Stored data:
(* For every $n$ there exists a binary matrix $M \in \{0,1\}^{n \times n}$ with twin-width at most $3$ whose row-Hamming-coherence and column-Hamming-coherence satisfy $\mathscr{H}^r(M), \mathscr{H}^c(M) \in \Omega(n \log n)$.
   Context: The Hamming distance of $u,v\in\{0,1\}^n$ is $d(u,v)=\sum_{i=1}^n|u_i-v_i|$. Let $r^{(1)},\dots,r^{(n)}$ be the rows of $M$. For a permutation $\pi$ of $[n]$, the row-Hamming-sum is $\mathscr{H}^r_\pi(M)=\sum_{i=1}^{n-1} d(r^{(\pi(i))},r^{(\pi(i+1))})$, and the row-Hamming-coherence is $\mathscr{H}^r(M)=\min_\pi \mathscr{H}^r_\pi(M)$. The column-Hamming-coherence $\mathscr{H}^c(M)$ is defined analogously using the columns. Twin-width. A division of an $n\times n$ matrix $M$ is a pair $(\mathcal{R},\mathscr{C})$ of partitions of $[n]$ into contiguous non-empty intervals; the cell $(i,j)$ is the submatrix with rows in the $i$-th interval of $\mathcal{R}$ and columns in the $j$-th interval of $\mathscr{C}$; a cell is constant if all its entries are equal. A row (resp. column) of the division is the set of cells sharing a given interval of $\mathcal{R}$ (resp. $\mathscr{C}$). A merge sequence is a sequence of divisions $(\mathcal{R}_{2n-1},\mathscr{C}_{2n-1}),\dots,(\mathcal{R}_1,\mathscr{C}_1)$ starting from the singleton partitions, ending with $\mathcal{R}_1=\mathscr{C}_1=\{[n]\}$, each obtained from the previous by merging two adjacent intervals of either the row or the column partition. It is $d$-wide if in every division every row and every column contains at most $d$ non-constant cells. $M$ is $d$-twin-ordered if it admits a $d$-wide merge sequence; the twin-width of $M$ is the least $d$ such that some permutation of the rows and of the columns of $M$ is $d$-twin-ordered. *)

From mathcomp Require Import all_boot all_order all_algebra all_fingroup.
Set Implicit Arguments. Unset Strict Implicit. Unset Printing Implicit Defensive.

Definition row_dist n (M : 'M[bool]_n) (i i' : 'I_n) : nat :=
  \sum_(j : 'I_n) (M i j != M i' j).

Definition row_hamming_sum n (M : 'M[bool]_n) (p : 'S_n) : nat :=
  \sum_(i : 'I_n) \sum_(j : 'I_n | (j : nat) == i.+1) row_dist M (p i) (p j).

Definition row_coherence n (M : 'M[bool]_n) : nat :=
  row_hamming_sum M [arg min_(p < (1%g : 'S_n)) row_hamming_sum M p].

Definition col_coherence n (M : 'M[bool]_n) : nat := row_coherence M^T.

(* A partition of [n] into contiguous nonempty intervals is encoded by its set
   of cut points C : positions k > 0 at which a new interval starts.
   i and j lie in the same interval iff no cut point k with min(i,j) < k <= max(i,j). *)
Definition same_part n (C : {set 'I_n}) (i j : 'I_n) : bool :=
  [forall k : 'I_n, ((minn i j < k) && (k <= maxn i j)) ==> (k \notin C)].

Definition part_start n (C : {set 'I_n}) (j : 'I_n) : bool :=
  ((j : nat) == 0) || (j \in C).

Definition nonconst_cell n (M : 'M[bool]_n) (R C : {set 'I_n}) (i j : 'I_n) : bool :=
  [exists i1, exists i2, exists j1, exists j2,
     [&& same_part R i i1, same_part R i i2, same_part C j j1, same_part C j j2
       & M i1 j1 != M i2 j2]].

(* Every row and every column of the division contains at most d non-constant cells
   (cells of a row are counted once each, via the first index of their column interval). *)
Definition d_wide_division n (M : 'M[bool]_n) (d : nat) (D : {set 'I_n} * {set 'I_n}) : bool :=
  [forall i, #|[set j | part_start D.2 j && nonconst_cell M D.1 D.2 i j]| <= d] &&
  [forall j, #|[set i | part_start D.1 i && nonconst_cell M D.1 D.2 i j]| <= d].

Definition all_cuts n : {set 'I_n} := [set k : 'I_n | 0 < k].

(* Merging two adjacent intervals = removing one cut point, in the row or in the
   column partition. *)
Definition merge_step n (D D' : {set 'I_n} * {set 'I_n}) : Prop :=
  exists k : 'I_n, 0 < k /\
    ((k \in D.1 /\ D' = (D.1 :\ k, D.2)) \/ (k \in D.2 /\ D' = (D.1, D.2 :\ k))).

(* A merge sequence: divisions s 0, ..., s (2n-2) (the paper's
   (R_{2n-1},C_{2n-1}), ..., (R_1,C_1)), from singletons to the trivial division. *)
Definition merge_sequence n (s : nat -> {set 'I_n} * {set 'I_n}) : Prop :=
  s 0 = (all_cuts n, all_cuts n) /\
  s (2 * n - 2) = (set0, set0) /\
  forall t, t < 2 * n - 2 -> merge_step (s t) (s t.+1).

Definition twin_ordered n (M : 'M[bool]_n) (d : nat) : Prop :=
  exists s, merge_sequence s /\ forall t, t <= 2 * n - 2 -> d_wide_division M d (s t).

Definition twin_width_le n (M : 'M[bool]_n) (d : nat) : Prop :=
  exists (sr sc : 'S_n), twin_ordered (\matrix_(i, j) M (sr i) (sc j)) d.

From mathcomp Require Import all_boot all_order all_algebra all_fingroup.
From mathcomp Require Import zify.
Set Implicit Arguments. Unset Strict Implicit. Unset Printing Implicit Defensive.

(* The matrix is [M i j = odd h(i, j)], where [h(i, j)] is the height of the lowest
   common ancestor of the leaves [i] and [j] of the complete binary tree whose
   height-[l] subtrees are the dyadic intervals of length [2 ^ l].

   Twin-width: merge the dyadic intervals level by level.  While the row and the
   column partitions both lie between the dyadic partitions of sizes [2 ^ h] and
   [2 ^ h.+1], [h] is constant on every cell whose row and column intervals lie in
   different [2 ^ h.+1]-intervals; so each row or column of the division meets at
   most two non-constant cells.

   Coherence: rows [a] and [b] with [h(a, b) = k] differ on the whole sibling
   subtree of size [2 ^ (k - 2)] below their common ancestor.  Any ordering of the
   rows moves at least [n / 2 ^ l] times between different [2 ^ l]-intervals,
   paying [2 ^ (l - 2)] each time; summed over the [log n] levels this is
   [Omega(n log n)].  The matrix is symmetric, so columns behave alike. *)

Lemma eq_divn_expn_mono d s t x y : s <= t ->
  x %/ d ^ s = y %/ d ^ s -> x %/ d ^ t = y %/ d ^ t.
Proof. by move=> le_st exy; rewrite -(subnKC le_st) expnD !divnMA exy. Qed.

Lemma neq_divn_expn_mono d s t x y : s <= t ->
  x %/ d ^ t != y %/ d ^ t -> x %/ d ^ s != y %/ d ^ s.
Proof. by move=> le_st; apply: contra_neq; exact: eq_divn_expn_mono. Qed.

(* [x %/ 2 ^ s] is the height-[s] ancestor of the leaf [x]; for [x, y < b] the
   ancestors at height [b] agree, so the count below is exactly [h(x, y)]. *)
Definition lca_height b x y := \sum_(s < b) (x %/ 2 ^ s != y %/ 2 ^ s).

Lemma lca_heightC b x y : lca_height b x y = lca_height b y x.
Proof. by apply: eq_bigr => s _; rewrite eq_sym. Qed.

Lemma lca_heightE b x y k : k <= b -> x %/ 2 ^ k = y %/ 2 ^ k ->
  (forall s, s < k -> x %/ 2 ^ s != y %/ 2 ^ s) -> lca_height b x y = k.
Proof.
move=> le_kb exy_k neq_lt; rewrite /lca_height.
rewrite (eq_bigr (fun s : 'I_b => nat_of_bool (s < k))); last first.
  move=> s _; case: (ltnP s k) => [/neq_lt -> // | le_ks].
  by rewrite (eq_divn_expn_mono le_ks exy_k) eqxx.
by rewrite -big_mkcond /= (big_ord_narrow le_kb) big_const_ord iter_addn_0 mul1n.
Qed.

Lemma lca_heightS b x y k : k < b -> x %/ 2 ^ k != y %/ 2 ^ k ->
  x %/ 2 ^ k.+1 = y %/ 2 ^ k.+1 -> lca_height b x y = k.+1.
Proof.
move=> lt_kb neq_k eq_k1; apply: lca_heightE => // s; rewrite ltnS => le_sk.
exact: neq_divn_expn_mono neq_k.
Qed.

Lemma lca_height_spec b x y : x < b -> y < b ->
  let k := lca_height b x y in
  x %/ 2 ^ k = y %/ 2 ^ k /\ forall s, s < k -> x %/ 2 ^ s != y %/ 2 ^ s.
Proof.
move=> xb yb; have top : x %/ 2 ^ b == y %/ 2 ^ b.
  by rewrite !divn_small // (leq_trans _ (ltnW (ltn_expl b (isT : 1 < 2)))).
case: (ex_minnP (ex_intro (fun k => x %/ 2 ^ k == y %/ 2 ^ k) b top)).
move=> k /eqP exy_k min_k; have neq_lt s : s < k -> x %/ 2 ^ s != y %/ 2 ^ s.
  by move=> lt_sk; apply: contraTneq lt_sk => /eqP/min_k; rewrite -leqNgt.
by rewrite /= (lca_heightE (min_k _ top) exy_k neq_lt).
Qed.

Lemma lca_height_blocks b t x x' y y' :
  x' %/ 2 ^ t = x %/ 2 ^ t -> y' %/ 2 ^ t = y %/ 2 ^ t ->
  x %/ 2 ^ t != y %/ 2 ^ t -> lca_height b x' y' = lca_height b x y.
Proof.
move=> ex ey neq_t; apply: eq_bigr => s _; case: (leqP t s) => [le_ts | lt_st].
  by rewrite (eq_divn_expn_mono le_ts ex) (eq_divn_expn_mono le_ts ey).
have neq_t' : x' %/ 2 ^ t != y' %/ 2 ^ t by rewrite ex ey.
by rewrite !(neq_divn_expn_mono (ltnW lt_st)).
Qed.

Lemma lca_height_le b x y : lca_height b x y <= b.
Proof.
rewrite -[b in _ <= b]card_ord -sum1_card.
by apply: leq_sum => s _; case: (_ != _).
Qed.

Definition lca_parity_mx n : 'M[bool]_n := \matrix_(i, j) odd (lca_height n i j).

Lemma tr_lca_parity_mx n : trmx (lca_parity_mx n) = lca_parity_mx n.
Proof. by apply/matrixP => i j; rewrite !mxE lca_heightC. Qed.

Lemma row_distE n (M : 'M[bool]_n) a b : row_dist M a b = #|[set j | M a j != M b j]|.
Proof.
rewrite -sum1_card big_mkcond; apply: eq_bigr => j _.
by rewrite inE; case: (_ != _).
Qed.

Lemma row_distC n (M : 'M[bool]_n) a b : row_dist M a b = row_dist M b a.
Proof. by apply: eq_bigr => j _; rewrite eq_sym. Qed.

Lemma card_divn_eq_ge n d q : q.+1 * d <= n -> d <= #|[set j : 'I_n | j %/ d == q]|.
Proof.
move=> le_n; case: (posnP d) => [-> // | d_gt0].
have lt_n (r : 'I_d) : q * d + r < n by move: (ltn_ord r) le_n; rewrite mulSn; lia.
pose f (r : 'I_d) : 'I_n := Ordinal (lt_n r).
have f_inj : injective f by move=> r r' /(congr1 val) /= /addnI /val_inj.
rewrite -[d in d <= _]card_ord -(card_imset _ f_inj); apply: subset_leq_card.
by apply/subsetP => _ /imsetP [r _ ->]; rewrite inE /= divnMDl // divn_small ?addn0.
Qed.

Lemma row_dist_lca_ge n (a b : 'I_n) :
  2 ^ lca_height n a b %/ 4 <= row_dist (lca_parity_mx n) a b.
Proof.
wlog lt_ab : a b / a < b.
  move=> W; case: (ltngtP a b) => [/W // | lt_ba | /val_inj ->].
    by rewrite lca_heightC row_distC; exact: W.
  by rewrite /lca_height big1 // => s _; rewrite eqxx.
have [exy_k neq_lt] := lca_height_spec (ltn_ord a) (ltn_ord b).
have le_kn := lca_height_le n a b.
move: exy_k neq_lt le_kn; case: (lca_height n a b) => [|[|m]] //= exy_k neq_lt le_kn.
have -> : 2 ^ m.+2 %/ 4 = 2 ^ m by rewrite !expnS mulnA mulKn.
set A := a %/ 2 ^ m.+1.
have [w [w_half w_neq]] : exists w, w %/ 2 = A /\ w != a %/ 2 ^ m.
  rewrite /A expnSr divnMA; set al := a %/ 2 ^ m.
  by exists (al %/ 2 * 2 + (1 - al %% 2)); split; lia.
(* [w] is the sibling of the height-[m] ancestor of [a]; its leaves precede [b]. *)
have split_w (j : 'I_n) : j %/ 2 ^ m == w ->
    lca_height n a j = m.+1 /\ lca_height n b j = m.+2.
  move=> /eqP jw; have jA : j %/ 2 ^ m.+1 = A by rewrite expnSr divnMA jw.
  split; apply: lca_heightS.
  - exact: ltnW le_kn.
  - by rewrite jw eq_sym.
  - by rewrite jA.
  - exact: le_kn.
  - by rewrite jA eq_sym /A neq_lt.
  - by rewrite -exy_k (expnSr 2 m.+1) !divnMA jA.
have lt_AB : A < b %/ 2 ^ m.+1.
  by rewrite ltn_neqAle neq_lt // leq_div2r // ltnW.
have le_B : b %/ 2 ^ m.+1 * 2 ^ m.+1 <= b := leq_divM b _.
rewrite row_distE; apply: leq_trans (card_divn_eq_ge (q := w) _) (subset_leq_card _).
  have le_w : w.+1 <= A.+1 * 2 by lia.
  apply: leq_trans (leq_mul le_w (leqnn _)) _; rewrite -mulnA -expnS.
  apply: leq_trans (ltnW (ltn_ord b)); apply: leq_trans le_B.
  by rewrite leq_mul2r lt_AB orbT.
apply/subsetP => j; rewrite !inE !mxE => /split_w [-> ->].
by rewrite /= negbK; case: (odd m).
Qed.
(* Let $Q$ be a division ring with a surjective valuation $v:Q\to\mathbb{Z}\cup\{\infty\}$, valuation ring $R$, commutative residue field $L$, uniformizer $\pi$, and automorphism $\phi:L\to L$, $\bar x\mapsto\overline{\pi x\pi^{-1}}$. Let $V\subseteq Q^n$ be a right $Q$-vector subspace, and for $\alpha\in\mathbb{Z}^n$ set $V_\alpha:=\overline{(\pi^{-\alpha}V)\cap R^n}\subseteq L^n$. Then $(V_\alpha)_{\alpha\in\mathbb{Z}^n}$ is an $(L,\phi^{-1})$-linear flock.
   Context: $\pi^{-\alpha}$ denotes the diagonal matrix with entries $\pi^{-\alpha_1},\dots,\pi^{-\alpha_n}$ acting on $Q^n$ from the left, and the bar denotes coordinatewise reduction $R^n\to L^n$. For a field $L$ with automorphism $\psi$, an $(L,\psi)$-linear flock is a family of $L$-subspaces $(V_\alpha)_{\alpha\in\mathbb{Z}^n}$ of $L^n$, all of the same dimension, such that (1) for all $\alpha\in\mathbb{Z}^n$ and $1\le i\le n$, $V_\alpha/i=V_{\alpha+e_i}\setminus i$, where $W/i$ is the intersection of $W$ with the hyperplane $\{x_i=0\}$, $W\setminus i$ is the image of $W$ under setting the $i$-th coordinate to zero, and $e_i$ is the $i$-th standard basis vector of $\mathbb{Z}^n$; and (2) for all $\alpha$, $V_{\alpha+(1,\dots,1)}=\psi(V_\alpha)$, with $\psi$ applied coordinatewise. *)

From HB Require Import structures.
From mathcomp Require Import all_boot all_order all_algebra.
Set Implicit Arguments. Unset Strict Implicit. Unset Printing Implicit Defensive.
Import Order.TTheory GRing.Theory Num.Theory.
Local Open Scope ring_scope.

Definition division_ring (Q : unitRingType) : Prop :=
  forall x : Q, x != 0 -> x \is a GRing.unit.

(* A valuation v : Q -> Z u {oo}, encoded as v : Q -> int where v 0 is
   meaningless (v 0 = oo by convention; all axioms only use v on nonzero
   elements). *)
Definition is_valuation (Q : unitRingType) (v : Q -> int) : Prop :=
  (forall x y : Q, x != 0 -> y != 0 -> v (x * y) = v x + v y) /\
  (forall x y : Q, x != 0 -> y != 0 -> x + y != 0 ->
      Num.min (v x) (v y) <= v (x + y)).

Definition surjective_valuation (Q : unitRingType) (v : Q -> int) : Prop :=
  forall z : int, exists x : Q, x != 0 /\ v x = z.

Definition in_valring (Q : unitRingType) (v : Q -> int) (x : Q) : Prop :=
  x = 0 \/ 0 <= v x.

Definition in_maxideal (Q : unitRingType) (v : Q -> int) (x : Q) : Prop :=
  x = 0 \/ 0 < v x.
(* Put m = (n+1)/2 and u_a = e_a + i e_(m+a) for a < m.  These vectors are
   isotropic (u_a . u_b = 0 for all a, b), so for every t : [m]^3 -> C the
   tensor T_t = sum_(a,b,c) t_(abc) u_a (x) u_b (x) u_c has slices M_k with
   M_k^T M_l = M_k M_l^T = 0: all six families of products vanish and
   (i)-(iii) hold trivially.  The "corner" entries T_(abc), a, b, c < m, of a tensor
   in OT_n are values of a degree-3 polynomial map in 3(n+1)m parameters; as there
   are many more monomials of bounded degree in the m^3 corner entries than
   monomials in the parameters, linear algebra gives a nonzero polynomial G
   vanishing on all corners of OT_n.  Kronecker substitution yields a point t
   with G(t) <> 0; the corner of T_t is t itself, so by continuity of G no
   tensor of OT_n comes close to T_t. *)

(* A family consisting of zero matrices trivially satisfies (i)-(iii): it is
   symmetric and commutative, generates the algebra C 1, and its centralizer
   is the whole matrix algebra. *)
Lemma good_family_zero (C : numClosedFieldType) (n : nat) (F : seq 'M[C]_n.+1) :
  (forall A, A \in F -> A = 0) -> good_family F.
Proof.
move=> F0.
have spanF0 : (<<F>> = 0)%VS.
  by apply/eqP; rewrite -subv0; apply/span_subvP => A /F0 ->; exact: mem0v.
split.
- by move=> A /F0 ->; rewrite trmx0.
- by move=> A B /F0 -> /F0 ->; rewrite !mul0mx.
- rewrite spanF0.
  have /dimvS : (agenv (0 : {vspace 'M[C]_n.+1}) <= 1)%VS.
    by apply: agenv_sub_modl; rewrite ?subvv // prod0v sub0v.
  by rewrite dimv1 => /leq_trans; apply.
- rewrite spanF0.
  have /dimvS : (fullv <= centraliser_vspace (0 : {vspace 'M[C]_n.+1}))%VS.
    by apply/centvsP => u v _; rewrite memv0 => /eqP ->; rewrite mulr0 mul0r.
  by rewrite dimvf /dim /= => /(leq_trans _); apply; rewrite leq_pmulr.
Qed.

Lemma slice_products_vanish (R : comPzRingType) (N : nat) (Q : finType)
    (M : 'I_N -> 'M[R]_N) (c : Q -> R) (F G H : Q -> 'I_N -> R) :
  (forall k j l, M k j l = \sum_q c q * F q k * G q j * H q l) ->
  (forall q q', \sum_j G q j * G q' j = 0) ->
  forall k l, (M k)^T *m M l = 0.
Proof.
move=> defM isoG k l; apply/matrixP => x y; rewrite !mxE.
under eq_bigr => j _ do rewrite mxE !defM big_distrlr /=.
rewrite exchange_big /= big1 // => q _; rewrite exchange_big /= big1 // => q' _.
transitivity ((c q * F q k * H q x * (c q' * F q' l * H q' y)) *
              \sum_j G q j * G q' j).
  by rewrite mulr_sumr; apply: eq_bigr => j _; ring.
by rewrite isoG mulr0.
Qed.

(* If both the second and third factors are isotropic, every product family
   built from the slices vanishes, hence the slices are good; the family
   M_k M_l^T is handled by applying the previous lemma to the transposes. *)
Lemma good_slices_isotropic (C : numClosedFieldType) (n : nat) (Q : finType)
    (M : 'I_n.+1 -> 'M[C]_n.+1) (c : Q -> C) (F G H : Q -> 'I_n.+1 -> C) :
  (forall k j l, M k j l = \sum_q c q * F q k * G q j * H q l) ->
  (forall q q', \sum_j G q j * G q' j = 0) ->
  (forall q q', \sum_j H q j * H q' j = 0) ->
  good_slices M.
Proof.
move=> defM isoG isoH.
have MTM := slice_products_vanish defM isoG.
have defMT k j l : (M k)^T j l = \sum_q c q * F q k * H q j * G q l.
  by rewrite mxE defM; apply: eq_bigr => q _; ring.
have MMT k l : M k *m (M l)^T = 0.
  by rewrite -[M k]trmxK (slice_products_vanish defMT isoH).
by split; apply: good_family_zero => A /allpairsP [[k l] [_ _ ->]].
Qed.

Section Isotropic.
Variable C : numClosedFieldType.
Variables N m : nat.
Hypothesis mmN : (m + m <= N)%N.

Definition iso_vec (a : 'I_m) (i : 'I_N) : C :=
  ((i : nat) == a)%:R + 'i * ((i : nat) == m + a)%:R.

Lemma sum_indicator_prod (k l : nat) : (k < N)%N ->
  \sum_(i < N) ((((i : nat) == k)%:R * ((i : nat) == l)%:R) : C) = (k == l)%:R.
Proof.
move=> ltkN; rewrite (bigD1 (Ordinal ltkN)) //= big1 ?addr0 ?eqxx ?mul1r //.
move=> i /eqP neqi.
have /negbTE -> : (i : nat) != k by apply/eqP => eik; apply/neqi/val_inj.
by rewrite mul0r.
Qed.

Lemma indicator_halves_disjoint (a b : 'I_m) (i : 'I_N) :
  ((((i : nat) == a)%:R * ((i : nat) == m + b)%:R) : C) = 0.
Proof.
case: eqP => [ea|]; last by rewrite mul0r.
case: eqP => [eb|]; last by rewrite mulr0.
by have := ltn_ord a; lia.
Qed.

Lemma iso_vec_isotropic (a b : 'I_m) : \sum_i iso_vec a i * iso_vec b i = 0.
Proof.
have := ltn_ord a => ltam.
have ltaN : (a < N)%N by lia.
have ltmaN : (m + a < N)%N by lia.
have sqi : 'i * 'i = -1 :> C by rewrite -expr2 sqrCi.
transitivity (\sum_(i < N) ((((i : nat) == a)%:R * ((i : nat) == b)%:R)
                - (((i : nat) == m + a)%:R * ((i : nat) == m + b)%:R) : C)).
  apply: eq_bigr => i _; rewrite /iso_vec.
  transitivity ((((i : nat) == a)%:R * ((i : nat) == b)%:R)
      + 'i * (((i : nat) == a)%:R * ((i : nat) == m + b)%:R)
      + 'i * (((i : nat) == b)%:R * ((i : nat) == m + a)%:R)
      + ('i * 'i) * (((i : nat) == m + a)%:R * ((i : nat) == m + b)%:R) : C).
    by ring.
  by rewrite !indicator_halves_disjoint sqi !mulr0 !addr0 mulN1r.
by rewrite sumrB !sum_indicator_prod // eqn_add2l subrr.
Qed.
End Isotropic.
Arguments iso_vec {C N m}.

Section Continuity.
Variable C : numFieldType.
Variable X : Type.
Variable t : X -> C.

Definition cont_at (f : (X -> C) -> C) :=
  forall e : C, 0 < e -> exists2 d : C, 0 < d &
    forall x, (forall v, `|x v - t v| < d) -> `|f x - f t| < e.

Lemma pos_lower_bound (d1 d2 : C) : 0 < d1 -> 0 < d2 ->
  exists2 d, 0 < d & d <= d1 /\ d <= d2.
Proof.
move=> d1gt0 d2gt0.
by have /orP[le|le] := real_leVge (gtr0_real d1gt0) (gtr0_real d2gt0);
  [exists d1 | exists d2].
Qed.

Lemma cont_const a : cont_at (fun _ => a).
Proof. by move=> e e_gt0; exists 1 => // x _; rewrite subrr normr0. Qed.

Lemma cont_coord v : cont_at (fun x => x v).
Proof. by move=> e e_gt0; exists e. Qed.

Lemma cont_ext f g : cont_at f -> f =1 g -> cont_at g.
Proof.
move=> cf fg e e_gt0; have [d d_gt0 Hd] := cf e e_gt0.
by exists d => // x hx; rewrite -!fg; exact: Hd.
Qed.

### Task goal
For each line of the entries that contains the word "there", make a copy.

### Answer to this exercise
(* For every $n$ there exists a binary matrix $M \in \{0,1\}^{n \times n}$ with twin-width at most $3$ whose row-Hamming-coherence and column-Hamming-coherence satisfy $\mathscr{H}^r(M), \mathscr{H}^c(M) \in \Omega(n \log n)$.
   in OT_n are values of a degree-3 polynomial map in 3(n+1)m parameters; as there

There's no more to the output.